'''
Lemma Fsub_sym x y : F (sub A x y) = F (sub A y x).
Proof. replace (sub A x y) with (opp (sub A y x)) by (unfold sub; ring). apply Fopp. Qed.

Lemma Frs c x : F (scal (rs c) x) = Rabs c * F x.
Proof. destruct HF as [_ [_ H3]]. rewrite H3, Cmod_rs. reflexivity. Qed.

Lemma Fsub_tri x y : F y <= F x + F (sub A y x).
Proof.
  destruct HF as [_ [H2 _]].
  replace y with (add x (sub A y x)) at 1 by (unfold sub; ring). apply H2.
Qed.

Lemma F_ball_open : open_for A F (fun z => F z < 1).
Proof.
  intros x Hx. exists (1 - F x). split; [lra|]. intros y Hy. pose proof (Fsub_tri x y). lra.
Qed.

Lemma F_ball_complement_open c : 0 <= c -> open_for A F (fun z => ~ F z <= c).
Proof.
  intros Hc x Hx. exists (F x - c). split; [lra|]. intros y Hy.
  pose proof (Fsub_tri y x). rewrite Fsub_sym in H. lra.
Qed.

Lemma F_ball_absconv : absolutely_convex A (fun z => F z <= 1).
Proof.
  intros x y a b Hx Hy Hab. destruct HF as [_ [HT HS]].
  eapply Rle_trans; [apply HT|]. rewrite !HS.
  pose proof (Cmod_ge0 a). pose proof (Cmod_ge0 b). nra.
Qed.

End VectorNorm.

Lemma norm_vs : is_vs_norm A (@norm A).
Proof. split; [apply norm_eq0 | split; [apply norm_triangle | apply norm_scal]]. Qed.

Lemma norm_ge0 (x : A) : 0 <= norm x.
Proof. apply (Fge0 _ norm_vs). Qed.

Lemma norm_bound_of_finer_topology (F G : A -> R) :
  is_vs_norm A F -> is_vs_norm A G -> (forall U, open_for A F U -> open_for A G U) ->
  exists c, 0 < c /\ forall y, F y <= c * G y.
Proof.
  intros HF HG Hopen.
  destruct (Hopen _ (F_ball_open F HF) (zero A)) as [r [Hr Hball]].
  { rewrite (F0 F HF). lra. }
  exists (2 / r). split; [apply Rdiv_lt_0_compat; lra|]. intro y.
  destruct (Req_dec (G y) 0) as [E|E].
  { rewrite ((proj1 HG) y E), (F0 F HF), (F0 G HG). lra. }
  pose proof (Fge0 G HG y). set (l := r / (2 * G y)).
  assert (Hl : 0 < l) by (unfold l; apply Rdiv_lt_0_compat; lra).
  assert (Hly : F (scal (rs l) y) < 1).
  { apply Hball. replace (sub A (scal (rs l) y) (zero A)) with (scal (rs l) y)
      by (unfold sub; ring).
    rewrite (Frs G HG), Rabs_pos_eq by lra. unfold l. field_simplify; lra. }
  rewrite (Frs F HF), Rabs_pos_eq in Hly by lra. unfold l in Hly.
  apply Rmult_lt_compat_l with (r := 2 * G y / r) in Hly;
    [|apply Rdiv_lt_0_compat; lra].
  replace (2 * G y / r * (r / (2 * G y) * F y)) with (F y) in Hly by (field; lra). lra.
Qed.

Lemma open_for_of_bound (F G : A -> R) c (U : A -> Prop) :
  0 < c -> (forall y, G y <= c * F y) -> open_for A G U -> open_for A F U.
Proof.
  intros Hc Hb HU x Hx. destruct (HU x Hx) as [r [Hr Hball]].
  exists (r / c). split; [apply Rdiv_lt_0_compat; lra|]. intros y Hy. apply Hball.
  pose proof (Hb (sub A y x)). apply Rmult_lt_compat_l with (r := c) in Hy; [|lra].
  replace (c * (r / c)) with r in Hy by (field; lra). lra.
Qed.

Fixpoint sq (k : nat) (z : A) : A :=
  match k with O => z | S k => mul (sq k z) (sq k z) end.

Fixpoint pw (y : A) (n : nat) : A :=
  match n with O => one A | S n => mul y (pw y n) end.

Lemma sq_mul k (x y : A) : sq k (mul x y) = mul (sq k x) (sq k y).
Proof. induction k; simpl; [reflexivity|]. rewrite IHk. ring. Qed.

Lemma sq_in (T : A -> Prop) : idempotent A T -> forall k z, T z -> T (sq k z).
Proof. intros H k z Hz. induction k; simpl; auto. Qed.

Lemma pw_in (T : A -> Prop) z k : idempotent A T -> T z -> T (pw z (S k)).
Proof.
  intros HT Hz. induction k.
  - simpl. rewrite (mulC A z), mul1. exact Hz.
  - simpl pw. simpl pw in IHk. apply HT; auto.
Qed.

Lemma pw_double (y : A) k : pw y (k + k) = pw (mul y y) k.
Proof.
  induction k; [reflexivity|].
  replace (S k + S k)%nat with (S (S (k + k))) by lia.
  simpl pw. rewrite IHk. ring.
Qed.

Lemma F_sq (F : A -> R) : (forall x, F (mul x x) = F x * F x) ->
  forall k z, F (sq k z) = F z ^ (2 ^ k).
Proof.
  intros H k z. induction k; simpl; [ring|].
  rewrite H, IHk, Nat.add_0_r, pow_add. reflexivity.
Qed.

Section UniformBall.
Variable N : A -> R.
Hypothesis HN : uniform_norm A N.
Variables c1 c2 : R.
Hypothesis Hc1 : 0 < c1.
Hypothesis Hc2 : 0 < c2.
Hypothesis norm_le_N : forall y, norm y <= c1 * N y.
Hypothesis N_le_norm : forall y, N y <= c2 * norm y.

Lemma uniform_ball_iff x : N x <= 1 <-> exists K, forall k, norm (sq k x) <= K.
Proof.
  destruct HN as [HNvs HNsq]. pose proof (Fge0 N HNvs x) as Hx0. split.
  - intro Hx. exists c1. intro k. rewrite <- (Rmult_1_r c1).
    eapply Rle_trans; [apply norm_le_N|]. apply Rmult_le_compat_l; [lra|].
    rewrite (F_sq N HNsq). rewrite <- (pow1 (2 ^ k)). apply pow_incr. lra.
  - intros [K HK]. apply (le1_of_bounded_2powers (N x) (c2 * K)); [exact Hx0|].
    intro k. rewrite <- (F_sq N HNsq). eapply Rle_trans; [apply N_le_norm|].
    apply Rmult_le_compat_l; [lra | apply HK].
Qed.

Lemma uniform_ball_idempotent : idempotent A (fun z => N z <= 1).
Proof.
  intros x y Hx Hy. apply uniform_ball_iff.
  destruct (proj1 (uniform_ball_iff x) Hx) as [Kx HKx].
  destruct (proj1 (uniform_ball_iff y) Hy) as [Ky HKy].
  exists (Kx * Ky). intro k. rewrite sq_mul.
  eapply Rle_trans; [apply norm_submult|].
  pose proof (norm_ge0 (sq k x)). pose proof (norm_ge0 (sq k y)).
  apply Rmult_le_compat; auto.
Qed.

Lemma uniform_ball_largest T : good_set A T -> forall x, T x -> N x <= 1.
Proof.
  intros [_ [HTi [_ [M HM]]]] x Hx. apply uniform_ball_iff.
  exists M. intro k. apply HM, sq_in; auto.
Qed.

End UniformBall.

Theorem uniform_norm_has_largest_good_set :
  topology_defined_by_uniform_norm A -> has_largest_good_set A.
Proof.
  intros [N [HN Htop]]. pose proof (proj1 HN) as HNvs.
  destruct (norm_bound_of_finer_topology _ _ norm_vs HNvs (fun U => proj1 (Htop U)))
    as [c1 [Hc1 Hle1]].
  destruct (norm_bound_of_finer_topology _ _ HNvs norm_vs (fun U => proj2 (Htop U)))
    as [c2 [Hc2 Hle2]].
  exists (fun x => N x <= 1). split; [split; [|split; [|split]]|].
  - apply Htop, F_ball_complement_open; [exact HNvs | lra].
  - exact (uniform_ball_idempotent N HN c1 c2 Hc1 Hc2 Hle1 Hle2).
  - exact (F_ball_absconv N HNvs).
  - exists c1. intros x Hx. pose proof (Hle1 x). nra.
  - exact (uniform_ball_largest N HN c1 c2 Hc1 Hc2 Hle1 Hle2).
Qed.

Lemma bounded_pos (T : A -> Prop) :
  bounded A T -> exists M, 0 < M /\ forall x, T x -> norm x <= M.
Proof.
  intros [M0 HM0]. exists (Rabs M0 + 1). split; [pose proof (Rabs_pos M0); lra|].
  intros x Hx. pose proof (HM0 x Hx). pose proof (Rle_abs M0). lra.
Qed.

Section Gauge.
Variable B : A -> Prop.

Definition gauge_set (x : A) (t : R) : Prop := 0 < t /\ B (scal (rs (/ t)) x).
Definition gauge (x : A) : R := real (Glb_Rbar (gauge_set x)).

Hypothesis B_absconv : absolutely_convex A B.
Hypothesis B_ball : forall y, norm y < 1 -> B y.

Lemma gauge_set_of_norm x t : norm x < t -> gauge_set x t.
Proof.
  intro Ht. pose proof (norm_ge0 x). split; [lra|]. apply B_ball.
  rewrite norm_scal, Cmod_rs, Rabs_pos_eq by (left; apply Rinv_0_lt_compat; lra).
  apply Rmult_lt_reg_l with t; [lra|]. rewrite <- Rmult_assoc, Rinv_r by lra. lra.
Qed.

Lemma gauge_spec x :
  0 <= gauge x /\ (forall t, gauge_set x t -> gauge x <= t) /\
  (forall t, gauge x < t -> gauge_set x t).
Proof.
  apply Glb_upward_closed.
  - exists (norm x + 1). apply gauge_set_of_norm. lra.
  - intros t [Ht _]; exact Ht.
  - intros t t' [Ht HBt] Htt'. split; [lra|].
    replace (scal (rs (/ t')) x) with (scal (rs (t / t')) (scal (rs (/ t)) x))
      by (rewrite scal_rsM; do 2 f_equal; field; lra).
    apply absconv_scal; auto. rewrite Cmod_rs, Rabs_pos_eq.
    + apply Rmult_le_reg_l with t'; [lra|]. field_simplify; lra.
    + apply Rlt_le, Rdiv_lt_0_compat; lra.
Qed.

Lemma gauge_ge0 x : 0 <= gauge x.
Proof. apply gauge_spec. Qed.
Lemma gauge_le x t : gauge_set x t -> gauge x <= t.
Proof. apply gauge_spec. Qed.
Lemma gauge_gt x t : gauge x < t -> gauge_set x t.
Proof. apply gauge_spec. Qed.

Lemma gauge_le_norm x : gauge x <= norm x.
Proof. apply Rle_of_forall_gt. intros t Ht. apply gauge_le, gauge_set_of_norm, Ht. Qed.

Lemma gauge_tri x y : gauge (add x y) <= gauge x + gauge y.
Proof.
  apply Rle_of_forall_gt. intros t Ht. set (d := t - gauge x - gauge y).
  destruct (gauge_gt x (gauge x + d / 2)) as [Ht1 H1]; [unfold d; lra|].
  destruct (gauge_gt y (gauge y + d / 2)) as [Ht2 H2]; [unfold d; lra|].
  set (t1 := gauge x + d / 2) in *. set (t2 := gauge y + d / 2) in *.
  replace t with (t1 + t2) by (unfold t1, t2, d; lra).
  apply gauge_le. split; [lra|].
  replace (scal (rs (/ (t1 + t2))) (add x y)) with
    (add (scal (rs (t1 / (t1 + t2))) (scal (rs (/ t1)) x))
         (scal (rs (t2 / (t1 + t2))) (scal (rs (/ t2)) y)))
    by (rewrite !scal_rsM, scalDr; f_equal; do 2 f_equal; field; lra).
  apply B_absconv; auto. rewrite !Cmod_rs, !Rabs_pos_eq.
  - right. field. lra.
  - apply Rlt_le, Rdiv_lt_0_compat; lra.
  - apply Rlt_le, Rdiv_lt_0_compat; lra.
Qed.
Lemma dres_ale c a : ale (dres c a) a.
Proof.
  apply ale_of_sub. intros x y. rewrite rep_dres.
  destruct (theta c x); [auto | discriminate].
Qed.

Lemma rep_rst_self d x : theta (rst A d d) x = None.
Proof. rewrite rep_rst. unfold pf_rst. destruct (theta d x); reflexivity. Qed.

Lemma zero_iff_empty d : is_zero d <-> forall x, theta d x = None.
Proof.
  split.
  - intros E x. rewrite E. apply rep_rst_self.
  - intro Hd. apply rep_inj. intro x. rewrite rep_rst_self. apply Hd.
Qed.

Lemma zero_below_own_rst d e l :
  pf_sub (theta d) (theta l) -> ale l (rst A d e) -> is_zero d.
Proof.
  intros Hdl Hl. apply zero_iff_empty. intro x.
  destruct (theta d x) as [w|] eqn:Ed; [|reflexivity].
  destruct (rep_rst_def d e x w (sub_of_ale l _ Hl x w (Hdl x w Ed))) as [Hn _].
  congruence.
Qed.

Lemma rst_ale d e : ale (rst A d e) e.
Proof. apply ale_of_sub. intros x w Hw. exact (proj2 (rep_rst_def d e x w Hw)). Qed.

Definition through (a : A) (x y : X) (t : A) : Prop := ale t a /\ theta t x = Some y.

Definition lower_bound (S : A -> Prop) (l : A) : Prop := forall s, S s -> ale l s.

Lemma lower_bound_undef a x y l : theta a x = Some y ->
  lower_bound (through a x y) l -> theta l x = None -> is_zero l.
Proof.
  intros Ha Hl Hlx. apply (zero_below_own_rst l a l); [apply sub_of_ale, ale_refl |].
  apply Hl. split; [apply rst_ale | rewrite rep_rst_undef; assumption].
Qed.

Lemma lower_bound_def a x y l z : theta a x = Some y ->
  lower_bound (through a x y) l -> theta l x = Some z ->
  is_atom l /\ ale l a /\ theta l x = Some y.
Proof.
  intros Ha Hl Hlx.
  assert (Hla : ale l a) by (apply Hl; split; [apply ale_refl | exact Ha]).
  pose proof (sub_of_ale l a Hla) as Hsub.
  assert (Hly : theta l x = Some y) by (rewrite (Hsub x z Hlx) in Ha; congruence).
  split; [split | split; assumption].
  - intro Hz. apply zero_iff_empty with (x := x) in Hz. congruence.
  - intros d Hd. pose proof (sub_of_ale d l Hd) as Hdl.
    destruct (theta d x) as [w|] eqn:Edx.
    + right. apply ale_antisym; [exact Hd | apply Hl]. split.
      * apply ale_of_sub. intros x' w' Hw'. apply Hsub, Hdl, Hw'.
      * rewrite (Hdl x w Edx) in Hly. congruence.
    + left. apply (zero_below_own_rst d l l Hdl). apply Hl. split.
      * apply ale_of_sub. intros x' w' Hw'. apply Hsub. exact (proj2 (rep_rst_def _ _ _ _ Hw')).
      * rewrite rep_rst_undef; assumption.
Qed.

(* Meet-completeness forces the atoms to be separating: if no atom below a
   avoids b, the points of a outside b would lie in theta(0). *)
Theorem separating_of_meet_complete : meet_complete A X theta -> atoms_separating A.
Proof.
  intros Hmc a b Hab.
  assert (exists x y, theta a x = Some y /\ theta b x <> Some y) as [x [y [Ha Hb]]].
  { apply NNPP. intro Hn. apply Hab, ale_of_sub. intros x y Hx.
    apply NNPP. intro Hy. apply Hn. eauto. }
  apply NNPP. intro Hno.
  assert (Hzero : forall l, lower_bound (through a x y) l -> is_zero l).
  { intros l Hl. destruct (theta l x) as [z|] eqn:Elx.
    - destruct (lower_bound_def a x y l z Ha Hl Elx) as [Hat [Hla Hly]].
      exfalso. apply Hno. exists l. split; [assumption | split; [assumption |]].
      intro Hlb. exact (Hb (sub_of_ale l b Hlb x y Hly)).
    - exact (lower_bound_undef a x y l Ha Hl Elx). }
  pose proof (rep_rst_self a) as Hempty.
  assert (Hglb : is_glb (through a x y) (rst A a a)).
  { split.
    - intros s _. apply ale_of_sub. intros z w. rewrite Hempty. discriminate.
    - intros l Hl. apply ale_of_sub. intros z w.
      rewrite (proj1 (zero_iff_empty l) (Hzero l Hl)). discriminate. }
  assert (Hthrough : through a x y a) by (split; [apply ale_refl | exact Ha]).
  pose proof (proj2 (Hmc _ _ (ex_intro _ a Hthrough) Hglb x y) (fun s Hs => proj2 Hs)) as Hxy.
  rewrite Hempty in Hxy. discriminate.
Qed.

Definition overlaps (c a : A) : Prop :=
  exists x, theta c x <> None /\ theta a x <> None.

Lemma atom_nonempty c : is_atom c -> exists x, theta c x <> None.
Proof.
  intros [Hnz _]. apply NNPP. intro Hno. apply Hnz. apply zero_iff_empty. intro x.
  destruct (theta c x) eqn:E; [|reflexivity].
  exfalso. apply Hno. exists x. rewrite E. discriminate.
Qed.

Lemma disjoint_of_not_overlaps c a x :
  ~ overlaps c a -> theta c x <> None -> theta a x = None.
Proof. intros Hn Hc. apply NNPP. intro Ha. apply Hn. exists x. auto. Qed.

(* An atom's domain lies entirely inside any domain it meets: otherwise
   c <| a is a nonzero part of c different from c. *)
Lemma atom_inside c a x :
  is_atom c -> overlaps c a -> theta c x <> None -> theta a x <> None.
Proof.
  intros [_ Hmin] [x0 [Hc0 Ha0]] Hc Ha.
  assert (Hle : ale (dres a c) c).
  { apply ale_of_sub. intros z y. rewrite rep_dres. destruct (theta a z); [auto | discriminate]. }
  destruct (Hmin _ Hle) as [Hzero | Heq].
  - apply Ha0. apply zero_iff_empty with (x := x0) in Hzero.
    rewrite rep_dres in Hzero. destruct (theta a x0); [contradiction | reflexivity].
  - apply Hc. rewrite <- Heq, rep_dres, Ha. reflexivity.
Qed.

Lemma rep_meet_glb m : omeet A = Some m -> forall a b : A,
  is_glb (fun s => s = a \/ s = b) (m a b).
Proof.
  intros Hm a b. pose proof (proj1 (proj2 (proj2 Hrep)) m Hm a b) as Hmeet.
  split.
  - intros s [-> | ->]; apply ale_of_sub; intros x y Hxy; apply Hmeet in Hxy; tauto.
  - intros l Hl. apply ale_of_sub. intros x y Hxy. apply Hmeet.
    split; apply (sub_of_ale l); auto.
Qed.

(* The representation of A on its atoms: theta' a c = c <| a when c is an
   atom whose domain meets (hence, by [atom_inside], lies inside) that of
   theta a, undefined otherwise. *)
Definition atom_rep (a : A) : pfun A := fun c =>
  if excluded_middle_informative (is_atom c /\ overlaps c a)
  then Some (dres c a) else None.

Lemma atom_rep_overlaps c a : is_atom c -> overlaps c a -> atom_rep a c = Some (dres c a).
Proof.
  intros Hc Ho. unfold atom_rep.
  destruct (excluded_middle_informative _) as [_ | Hn]; [reflexivity | tauto].
Qed.

Lemma atom_rep_undef c a : ~ (is_atom c /\ overlaps c a) -> atom_rep a c = None.
Proof.
  intro Hn. unfold atom_rep.
  destruct (excluded_middle_informative _); [contradiction | reflexivity].
Qed.

Lemma atom_rep_def c a y :
  atom_rep a c = Some y -> is_atom c /\ overlaps c a /\ y = dres c a.
Proof.
  unfold atom_rep. destruct (excluded_middle_informative _) as [[Hc Ho] | _];
    intro E; [injection E; intros <-; auto | discriminate].
Qed.

Lemma atom_rep_local c d e : is_atom c ->
  (forall x, theta c x <> None -> theta d x = theta e x) -> atom_rep d c = atom_rep e c.
Proof.
  intros Hc Hde.
  assert (Hov : overlaps c d <-> overlaps c e).
  { split; intros [x [Hcx Hx]]; exists x; [rewrite <- Hde | rewrite Hde]; auto. }
  destruct (classic (overlaps c e)) as [Ho | Hno].
  - rewrite (atom_rep_overlaps c d Hc (proj2 Hov Ho)), (atom_rep_overlaps c e Hc Ho).
    f_equal. apply rep_inj. intro x. rewrite !rep_dres.
    destruct (theta c x) eqn:E; [apply Hde; congruence | reflexivity].
  - rewrite !atom_rep_undef; tauto.
Qed.

Lemma atom_rep_empty c d :
  (forall x, theta c x <> None -> theta d x = None) -> atom_rep d c = None.
Proof. intro Hd. apply atom_rep_undef. intros [_ [x [Hc Hx]]]. exact (Hx (Hd x Hc)). Qed.

Lemma atom_rep_is_def c a x : is_atom c -> theta c x <> None ->
  is_def (theta a x) = is_def (atom_rep a c).
Proof.
  intros Hc Hx. destruct (classic (overlaps c a)) as [Ho | Hno].
  - rewrite (atom_rep_overlaps c a Hc Ho).
    destruct (option_not_none _ (atom_inside c a x Hc Ho Hx)) as [y ->]. reflexivity.
  - rewrite (disjoint_of_not_overlaps c a x Hno Hx), atom_rep_undef; tauto.
Qed.

Lemma atom_rep_select (op : A -> A -> A) (s : bool -> bool -> selection) :
  (forall a b x, theta (op a b) x = select s (theta a x) (theta b x)) ->
  forall a b c, atom_rep (op a b) c = select s (atom_rep a c) (atom_rep b c).
Proof.
  intros Hop a b c. destruct (classic (is_atom c)) as [Hc | Hnc].
  2: { rewrite !atom_rep_undef by tauto. symmetry. apply select_none. }
  assert (Hsel : forall x, theta c x <> None ->
    theta (op a b) x = match s (is_def (atom_rep a c)) (is_def (atom_rep b c)) with
                       | TakeLeft => theta a x | TakeRight => theta b x
                       | TakeNone => None end).
  { intros x Hx. rewrite Hop. unfold select.
    rewrite (atom_rep_is_def c a x Hc Hx), (atom_rep_is_def c b x Hc Hx). reflexivity. }
  unfold select.
  destruct (s (is_def (atom_rep a c)) (is_def (atom_rep b c))).
  - apply atom_rep_local; assumption.
  - apply atom_rep_local; assumption.
  - apply atom_rep_empty; assumption.
Qed.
'''
__TASK TO CARRY OUT__. For the lines above, output exactly those from the line containing "assert (Hthrough : through" through the line containing "c <| a is a", and skip the others.

__SOLUTION__.
  assert (Hthrough : through a x y a) by (split; [apply ale_refl | exact Ha]).
  pose proof (proj2 (Hmc _ _ (ex_intro _ a Hthrough) Hglb x y) (fun s Hs => proj2 Hs)) as Hxy.
  rewrite Hempty in Hxy. discriminate.
Qed.

Definition overlaps (c a : A) : Prop :=
  exists x, theta c x <> None /\ theta a x <> None.

Lemma atom_nonempty c : is_atom c -> exists x, theta c x <> None.
Proof.
  intros [Hnz _]. apply NNPP. intro Hno. apply Hnz. apply zero_iff_empty. intro x.
  destruct (theta c x) eqn:E; [|reflexivity].
  exfalso. apply Hno. exists x. rewrite E. discriminate.
Qed.

Lemma disjoint_of_not_overlaps c a x :
  ~ overlaps c a -> theta c x <> None -> theta a x = None.
Proof. intros Hn Hc. apply NNPP. intro Ha. apply Hn. exists x. auto. Qed.

(* An atom's domain lies entirely inside any domain it meets: otherwise
   c <| a is a nonzero part of c different from c. *)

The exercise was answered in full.